Manuscript structure: Agriculture expects a defined section set: Abstract, Keywords, Introduction, Materials and Methods, Results, Discussion, Conclusions, plus the declarations block. The abstract follows an IMRAD structure and runs to about 200 words, and it is the first thing the pre-check editor reads, so the agricultural outcome, the design, and the main result all need to be visible there, along with a clear signal of which section the work belongs to. Provide 3 to 10 keywords, and choose keywords that reinforce the section rather than blur it.
Reporting and methods readiness: Provide full experimental detail so the work can be reproduced.
For field and pot trials, that means site description, soil type, climate or growing conditions, plot layout, replication, treatments, the exact statistical model, and the software used. For livestock work, it means animal numbers, breed, housing, diet composition, the welfare-approval reference, and the analysis model.
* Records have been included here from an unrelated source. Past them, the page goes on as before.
Definition nijenhuis (R : realType) (m : nat) (psi : 'rV[R]_m -> 'M[R]_m)
    (X Y : 'rV[R]_m -> 'rV[R]_m) : 'rV[R]_m -> 'rV[R]_m :=
  fun x => act psi (act psi (lie X Y)) x + lie (act psi X) (act psi Y) x
           - act psi (lie (act psi X) Y) x - act psi (lie X (act psi Y)) x.

Record almost_paracontact_metric (R : realType) (m : nat)
    (U : set 'rV[R]_m) (psi : 'rV[R]_m -> 'M[R]_m)
    (zeta : 'rV[R]_m -> 'rV[R]_m) (tau : 'rV[R]_m -> 'cV[R]_m)
    (g : 'rV[R]_m -> 'M[R]_m) : Prop := {
  apcm_psi_smooth : smooth U psi;
  apcm_zeta_smooth : smooth U zeta;
  apcm_tau_smooth : smooth U tau;
  apcm_g_smooth : smooth U g;
  apcm_g_sym : forall x, U x -> (g x)^T = g x;
  apcm_g_nondeg : forall x, U x -> g x \in unitmx;
  apcm_psi2 : forall x (v : 'rV[R]_m), U x ->
      v *m psi x *m psi x = v - (v *m tau x) 0 0 *: zeta x;
  apcm_tau_zeta : forall x, U x -> (zeta x *m tau x) 0 0 = 1;
  apcm_compat : forall x (v w : 'rV[R]_m), U x ->
      ((v *m psi x) *m g x *m (w *m psi x)^T) 0 0
      = - (v *m g x *m w^T) 0 0 + (v *m tau x) 0 0 * (w *m tau x) 0 0
}.

Record para_sasakian (R : realType) (m : nat)
    (U : set 'rV[R]_m) (psi : 'rV[R]_m -> 'M[R]_m)
    (zeta : 'rV[R]_m -> 'rV[R]_m) (tau : 'rV[R]_m -> 'cV[R]_m)
    (g : 'rV[R]_m -> 'M[R]_m) : Prop := {
  ps_apcm : almost_paracontact_metric U psi zeta tau g;
  ps_contact : forall X Y : 'rV[R]_m -> 'rV[R]_m, smooth U X -> smooth U Y ->
      forall x, U x -> two_dtau tau X Y x = 2 * metric g X (act psi Y) x;
  ps_normal : forall X Y : 'rV[R]_m -> 'rV[R]_m, smooth U X -> smooth U Y ->
      forall x, U x -> nijenhuis psi X Y x - two_dtau tau X Y x *: zeta x = 0
}.

Definition pang (R : realType) (m : nat) (zeta : 'rV[R]_m -> 'rV[R]_m)
    (tau : 'rV[R]_m -> 'cV[R]_m) (X Y : 'rV[R]_m -> 'rV[R]_m)
    : 'rV[R]_m -> R :=
  fun x => - form tau (lie (lie zeta X) Y) x.

(* X is a (smooth) section of V^+ (eps = 1) or V^- (eps = -1) on U *)
Definition section_eig (R : realType) (m : nat) (U : set 'rV[R]_m)
    (psi : 'rV[R]_m -> 'M[R]_m) (eps : R) (X : 'rV[R]_m -> 'rV[R]_m) : Prop :=
  smooth U X /\ forall x, U x -> act psi X x = eps *: X x.

(* Let X, Y be sections of V^eps (eps = 1 or -1) and W = [zeta, X]. From
   psi^2 = Id - tau (x) zeta we get psi zeta = 0 and tau(X) = tau(Y) = 0, and
   compatibility gives g(zeta, X) = 0, hence tau(W) = -2 dtau(zeta, X)
   = -2 g(zeta, psi X) = 0. Normality at (zeta, X) then reads
   psi^2 W - eps psi W = 0, so psi W = eps W, and compatibility gives
   g(W, Y) = -g(psi W, psi Y) = -g(W, Y) = 0. Since tau vanishes on W and Y,
   Pi(X, Y) = -tau([W, Y]) = 2 dtau(W, Y) = 2 eps g(W, Y) = 0.
   The chart model only provides directional derivatives, so linearity of
   v |-> D_v f for C^1 maps is derived from the mean value theorem, and
   dtau(W, Y) is evaluated on constant fields. *)

From Pilot Require Import Defs.
From HB Require Import structures.
From mathcomp Require Import all_boot all_order all_algebra.
From mathcomp Require Import all_classical all_reals all_analysis.
Set Implicit Arguments. Unset Strict Implicit. Unset Printing Implicit Defensive.
Import Order.TTheory GRing.Theory Num.Theory.
Import numFieldNormedType.Exports.
Local Open Scope classical_set_scope.
Local Open Scope ring_scope.

Section directional_derivative.
Context {R : realType} {V : normedModType R}.
Implicit Types (f G : V -> R) (b v w y : V).

Lemma is_derive_along_line f b w (t : R) :
  derivable f (t *: w + b) w ->
  is_derive t 1 (fun s : R => f (s *: w + b)) ('D_w f (t *: w + b)).
Proof.
have E : (fun h : R => h^-1 *: (((fun s : R => f (s *: w + b)) \o shift t) (h *: 1)
     - f (t *: w + b))) =
  (fun h => h^-1 *: ((f \o shift (t *: w + b)) (h *: w) - f (t *: w + b))).
  apply/funext => h /=; congr (_ *: (f _ - _)).
  by rewrite scalerDl [h *: 1]mulr1 addrA.
by move=> df; split; rewrite /derivable /derive ?E.
Qed.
For machinery and technology work, it means the test rig, operating conditions, instrumentation, calibration, and the validation design. A study whose Materials and Methods omits the design, the replication, or the analysis model is the most common reviewer-stage friction point. Where a systematic review or meta-analysis is the article type, supply a PRISMA flow diagram and a stated or registered protocol.
Declarations and ethics: Draft the Author Contributions (by initials), Funding, Data Availability, and Conflicts of Interest statements before you upload. Add an Institutional Review Board statement for human-subjects survey or on-farm participatory work, and an animal-ethics or welfare-approval statement for any livestock study. These are not post-acceptance paperwork at MDPI; they are pre-check gates, and in the Farm Animal Production section they are the gate most often left incomplete.
Figures, supplementary, and abstract assets: In Agriculture submissions, the supplementary package usually carries the load that a single in-text figure cannot, and the assets that matter are field- and farm-specific.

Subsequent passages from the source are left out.